1977: Princess Misha’al bint Fahd al Saud and her lover

On this date in 1977, a 19-year-old royal adulteress and her paramour were executed in a Jeddah parking lot by the order of the girl’s powerful grandfather.

Princess Misha’al‘s fate has been obscured by secrecy and the Rashomon-like interpretations imposed upon it by observers.

In its outline (and the first stock interpretation we’re imposing) it’s that timeless human tragedy, the love story, in which headstrong royal daughter and suffocating traditional family square off over the seditious power of the feminine libido.

The princess, in a youthful arranged marriage by most accounts, took up with a Saudi boy while both were studying abroad in cosmopolitan Beirut, and dangerously attempted to maintain the affair back in the royal kingdom to the point of a quixotic (and obviously foiled) escape attempt. Whether under color of a judicial proceeding — the story says Misha’al refused to walk away by simply renouncing her lover and defiantly brought down the death sentence by confessing adultery — or simply on his own authority, the girl’s staunchly conservative* grandfather exercised his right as tribal patriarch to inflict an honor killing for the disgrace they had brought on the family.

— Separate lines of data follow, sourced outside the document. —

Definition cof3 (f : nat -> nat -> R) (i j : nat) : R :=
  match i, j with
  | 0%N, 0%N => f 1%N 1%N * f 2%N 2%N - f 1%N 2%N * f 2%N 1%N
  | 0%N, 1%N => f 0%N 2%N * f 2%N 1%N - f 0%N 1%N * f 2%N 2%N
  | 0%N, 2%N => f 0%N 1%N * f 1%N 2%N - f 0%N 2%N * f 1%N 1%N
  | 1%N, 0%N => f 1%N 2%N * f 2%N 0%N - f 1%N 0%N * f 2%N 2%N
  | 1%N, 1%N => f 0%N 0%N * f 2%N 2%N - f 0%N 2%N * f 2%N 0%N
  | 1%N, 2%N => f 0%N 2%N * f 1%N 0%N - f 0%N 0%N * f 1%N 2%N
  | 2%N, 0%N => f 1%N 0%N * f 2%N 1%N - f 1%N 1%N * f 2%N 0%N
  | 2%N, 1%N => f 0%N 1%N * f 2%N 0%N - f 0%N 0%N * f 2%N 1%N
  | _, _ => f 0%N 0%N * f 1%N 1%N - f 0%N 1%N * f 1%N 0%N
  end.

Lemma M3_adj (f : nat -> nat -> R) : \adj (M3 f) = M3 (cof3 f).
Proof.
apply/matrixP => i j; rewrite !mxE /cofactor (expand_det_row _ 0).
rewrite !big_ord_recr big_ord0 /= add0r /cofactor !det_mx11 !mxE /=.
by case: i => [[|[|[|//]]] ?]; case: j => [[|[|[|//]]] ?]; rewrite /bump /=; ring.
Qed.

Lemma M3_det (f : nat -> nat -> R) : \det (M3 f) =
  f 0%N 0%N * (f 1%N 1%N * f 2%N 2%N - f 1%N 2%N * f 2%N 1%N)
  - f 0%N 1%N * (f 1%N 0%N * f 2%N 2%N - f 1%N 2%N * f 2%N 0%N)
  + f 0%N 2%N * (f 1%N 0%N * f 2%N 1%N - f 1%N 1%N * f 2%N 0%N).
Proof.
rewrite (expand_det_row _ 0) !big_ord_recr big_ord0 /= add0r /cofactor.
rewrite !(expand_det_row _ 0) !big_ord_recr !big_ord0 /= !add0r /cofactor.
by rewrite !det_mx11 !mxE /= /bump /=; ring.
Qed.

Lemma diag3_M3 (l1 l2 l3 : R) : diag3 l1 l2 l3 =
  M3 (fun i j => if i == j then (if i == 0%N then l1 else if i == 1%N then l2 else l3)
                 else 0).
Proof. by apply/matrixP => i j; rewrite !mxE. Qed.

End Coordinates.

Section Quaternions.
Variable R : rcfType.
Lemma rasiowa_sikorski (J : Type) : (exists f : J -> nat, Injective f) -> MA_countable J.
Proof.
  intros [c Hc] P le [p0] _ Hrefl Htrans _ D HD.
  assert (Hstep : forall mp : nat * P, exists q, le q (snd mp) /\ forall j, c j = fst mp -> D j q).
  { intros [m p]. cbn [fst snd].
    destruct (classic (exists j, c j = m)) as [[j Hj]|Hnone].
    - destruct (HD j p) as [q [Hqp Hq]]. exists q. split; [exact Hqp|].
      intros j' Hj'. rewrite (Hc j' j) by congruence. exact Hq.
    - exists p. split; [apply Hrefl|]. intros j Hj. exfalso. eauto. }
  destruct (choice _ Hstep) as [next Hnext].
  pose (chain := fix chain n := match n with 0 => p0 | S m => next (m, chain m) end).
  assert (Hchain : forall m n, m <= n -> le (chain n) (chain m)).
  { intros m n Hmn. induction Hmn; [apply Hrefl|].
    eapply Htrans; [apply (Hnext (_, _))|exact IHHmn]. }
  exists (fun q => exists m, le (chain m) q). split; [|split; [|split]].
  - exists p0, 0. apply Hrefl.
  - intros p q [m Hm] Hpq. exists m. eapply Htrans; eassumption.
  - intros p q [m Hm] [m' Hm']. exists (chain (max m m')).
    split; [exists (max m m'); apply Hrefl|split].
    + apply (Htrans _ (chain m)); [apply Hchain; lia|exact Hm].
    + apply (Htrans _ (chain m')); [apply Hchain; lia|exact Hm'].
  - intros j. exists (chain (S (c j))). split; [exists (S (c j)); apply Hrefl|].
    apply (Hnext (c j, chain (c j))). reflexivity.
Qed.
(* Let $u_1,\dots,u_n$ be Boolean variables and $C_1,\dots,C_m$ clauses, each consisting of exactly 3 literals over these variables. Let $G$ be the graph with vertex set $\{x_i,u_i,v_i,\bar u_i,y_i:1\le i\le n\}\cup\{c_j:1\le j\le m\}\cup\{s_1,s_2,s_3,s_4,t\}$ and the following edges: for each $i$, $x_iu_i$, $u_iv_i$, $v_i\bar u_i$, $\bar u_iy_i$; for each $j$, an edge from $c_j$ to $u_i$ (resp. $\bar u_i$) whenever the literal $u_i$ (resp. $\bar u_i$) appears in $C_j$; for each $j$ and each $s\in\{s_1,s_3,s_4\}$, the edge $sc_j$; the edges $s_1s_2,s_3s_2,s_4s_2$; the edges $ts_1,ts_3,ts_4$; and the edges $tu_i$, $t\bar u_i$ for all $i$. Then (a) $\tilde\gamma_c(G-e)\le 3n+2$ for every edge $e\in E(G)$, and (b) $\tilde\gamma_c(G)=3n+1$ if and only if $b_{OCD}(G)=1$. Consequently, $\{C_1,\dots,C_m\}$ is satisfiable if and only if $b_{OCD}(G)=1$.
   Context: All graphs are finite and simple. A set $S\subseteq V$ is a dominating set of $G=(V,E)$ if every vertex not in $S$ is adjacent to a vertex of $S$. A set $\tilde D\subseteq V$ is an outer-connected dominating set of $G$ if $\tilde D$ is dominating and the induced subgraph $G[V\setminus\tilde D]$ is connected (the empty graph counts as connected). $\tilde\gamma_c(G)$ denotes the minimum size of an outer-connected dominating set of $G$. For a graph $G$ without isolated vertices, $b_{OCD}(G)$ is the minimum number of edges whose removal from $G$ yields a graph $G'$ with $\tilde\gamma_c(G')>\tilde\gamma_c(G)$. A collection of clauses is satisfiable if some truth assignment makes every clause contain a true literal. *)

From HB Require Import structures.
From mathcomp Require Import all_boot.
Set Implicit Arguments. Unset Strict Implicit. Unset Printing Implicit Defensive.
Lemma g_deriv_0 s : inI s ->
  g_deriv 0 s = Cmult (Cminus (RInt (V := CV) (fun t => Cmult (L s t) (cis (kappa * t))) a s)
                        (Copp (Cmult (cis (kappa * a)) (sigma_n kappa n (fun j => Lp O j s) a))))
                (cis (- (kappa * s))).
Proof.
  intros Hs. unfold g_deriv, derivative_formula. rewrite boundary_sum_0, integral_sum_0.
  rewrite integration_by_parts by auto.
  assert (Hosc : osc_integral 0 s
      = (cis (- (kappa * s)) * RInt (V := CV) (fun t => Lp 0%nat n s t * cis (kappa * t))%C a s)%C).
  { unfold osc_integral. rewrite <- RInt_Cmult.
    - apply RInt_C_ext. intros t.
      replace (kappa * (t - s)) with (kappa * t + - (kappa * s)) by ring. rewrite <- cis_add. ring.
    - apply ex_RInt_cont_I; auto.
      apply (cont_I2_section (fun y t => Lp 0%nat n y t * cis (kappa * t))%C); auto.
      apply cont_I2_mult; [apply Lp_cont; lia | apply cont_I2_cis_scal]. }
  assert (Hcis : (cis (kappa * s) * cis (- (kappa * s)))%C = RtoC 1)
    by (rewrite cis_add, Rplus_opp_r; apply cis_0).
  rewrite Hosc, (sigma_n_Cpowz kappa n _ s) by auto. cbv beta.
  generalize (RInt (V := CV) (fun t => Lp 0%nat n s t * cis (kappa * t))%C a s : C). intros J.
  transitivity (- csum n (fun q => Cpowz (0, (- kappa)%R) (- Z.of_nat (S q)) * Lp 0%nat q s s)
      * (cis (kappa * s) * cis (- (kappa * s)))
    + Cpowz (0, (- kappa)%R) (- Z.of_nat n) * (cis (- (kappa * s)) * J))%C.
  - rewrite Hcis. ring.
  - ring.
Qed.

End Kernel.
(* Let $G$ be a unicyclic graph of order $n$ with girth $g$ (so $3\le g\le n$). Then $$SO(G)\le 2\sqrt{(n-g+2)^2+4}+(n-g)\sqrt{(n-g+2)^2+1}+2\sqrt2\,(g-2),$$ with equality if and only if $G$ is isomorphic to the graph $U_{n,g}$ obtained by attaching $n-g$ pendent edges to one vertex of the cycle $C_g$.
   Context: For a graph $G$, $d_G(w)$ denotes the degree of vertex $w$, and the Sombor index is $SO(G)=\sum_{ab\in E(G)}\sqrt{d_G(a)^2+d_G(b)^2}$. A unicyclic graph is a connected graph with exactly one cycle; its girth is the length of that cycle. $C_g$ is the cycle on $g$ vertices. *)

From HB Require Import structures.
From mathcomp Require Import all_boot all_order all_algebra.
From mathcomp Require Import reals.
Set Implicit Arguments. Unset Strict Implicit. Unset Printing Implicit Defensive.
Import Order.TTheory GRing.Theory Num.Theory.

(* A simple graph: vertex type T (finite) and adjacency relation e,
   assumed symmetric and irreflexive in the theorem. *)

Local Open Scope ring_scope.

Definition deg (T : finType) (e : rel T) (x : T) : nat := #|[set y | e x y]|%N.

(* Sombor index: sum over unordered edges {a,b} of sqrt(d(a)^2+d(b)^2);
   each unordered edge is counted twice in the ordered double sum, hence / 2. *)
Definition sombor (R : realType) (T : finType) (e : rel T) : R :=
  (\sum_(x : T) \sum_(y : T | e x y)
      Num.sqrt (((deg e x)%:R : R) ^+ 2 + ((deg e y)%:R : R) ^+ 2)) / 2.

Definition connectedg (T : finType) (e : rel T) : Prop :=
  forall x y : T, connect e x y.

Definition is_graph_cycle (T : finType) (e : rel T) (c : seq T) : Prop :=
  ucycle e c /\ (3 <= size c)%N.

Definition cycle_edges (T : finType) (c : seq T) : {set {set T}} :=
  [set [set x; next c x] | x in c].

Definition unicyclic_with_cycle (T : finType) (e : rel T) (c : seq T) : Prop :=
  [/\ connectedg e, is_graph_cycle e c &
      forall c', is_graph_cycle e c' -> cycle_edges c' = cycle_edges c].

The execution in Jeddah — she by gunshot,** he by a very clumsy beheading — that is supposed to have occurred on this date was public, but quiet; news of it got abroad only slowly and incompletely. Small wonder that, once it did, the blended motifs of Romeo and Juliet, harem titillation and oil politics made dynamite material for high-, middle- or lowbrow exploitation.

In 1980, the affair became the subject of one of the most notorious television programs ever aired, the docudrama Death of a Princess. This film’s airing in Britain in 1980 led Riyadh to expel the British ambassador, and cost £200 million of lost revenue for the UK from canceled orders and product boycotts by the Saudis.†

It was aired on in the United States on PBS in 1980 to similar controversy, as oil companies rushed to distance themselves from it.

Rebroadcast in 2005, Death of a Princess is available online for your judgment (as is this partial script): is this a muckraking expose of a shameful crime? orientalist heavy petting? “a sensitive and thoughtful exploration of the Arab dilemma,” as per its own advance publicity? and what did the official apologies (and in only a few countries, censorship) say about the political weight of the petroleum industry?

These, meanwhile, are the western reactions, already removed from events by a further layer of mediation, a forest of axes seeking grinding. If the writer who composed this piece is to be believed, the executed girl has posthumously achieved a sort of universal symbolic gravity in the Arab world, standing for the plight of any hopeless cause of justice dashed against authoritarian power.

* For the House of Saud, it must be recalled, the personal was political in the problematic confrontation between tradition and modernity athwart the desert kingdom’s sea of oil.

** “Princess Misha’al” was executed fully veiled, which permits the rumor that the slain woman was actually a surrogate and the onetime royal favorite lives on incognito somewhere.

† According to the July 4, 1980 London Times.

Part of the Themed Set: The Feminine Mystique.

Editor’s note: References to “Princess Misha” corrected; thanks to hannah for the clarification.

On this day..

Themed Set: The Feminine Mystique

Our tour through the world’s condemned has made the company of many a woman, but our hobby is a noticeably gendered one: whether as common criminals, fallen royals, political prisoners, war criminals, or any other subset of the execution-prone, women who face the headsmen map differently in the public conscience than men.

If the distinctions are none other than those that structure every social transactions, the dramatic tableau of the scaffold raises the stakes, sharpens the gendering, be she whore or madonna, black widow or holy maid.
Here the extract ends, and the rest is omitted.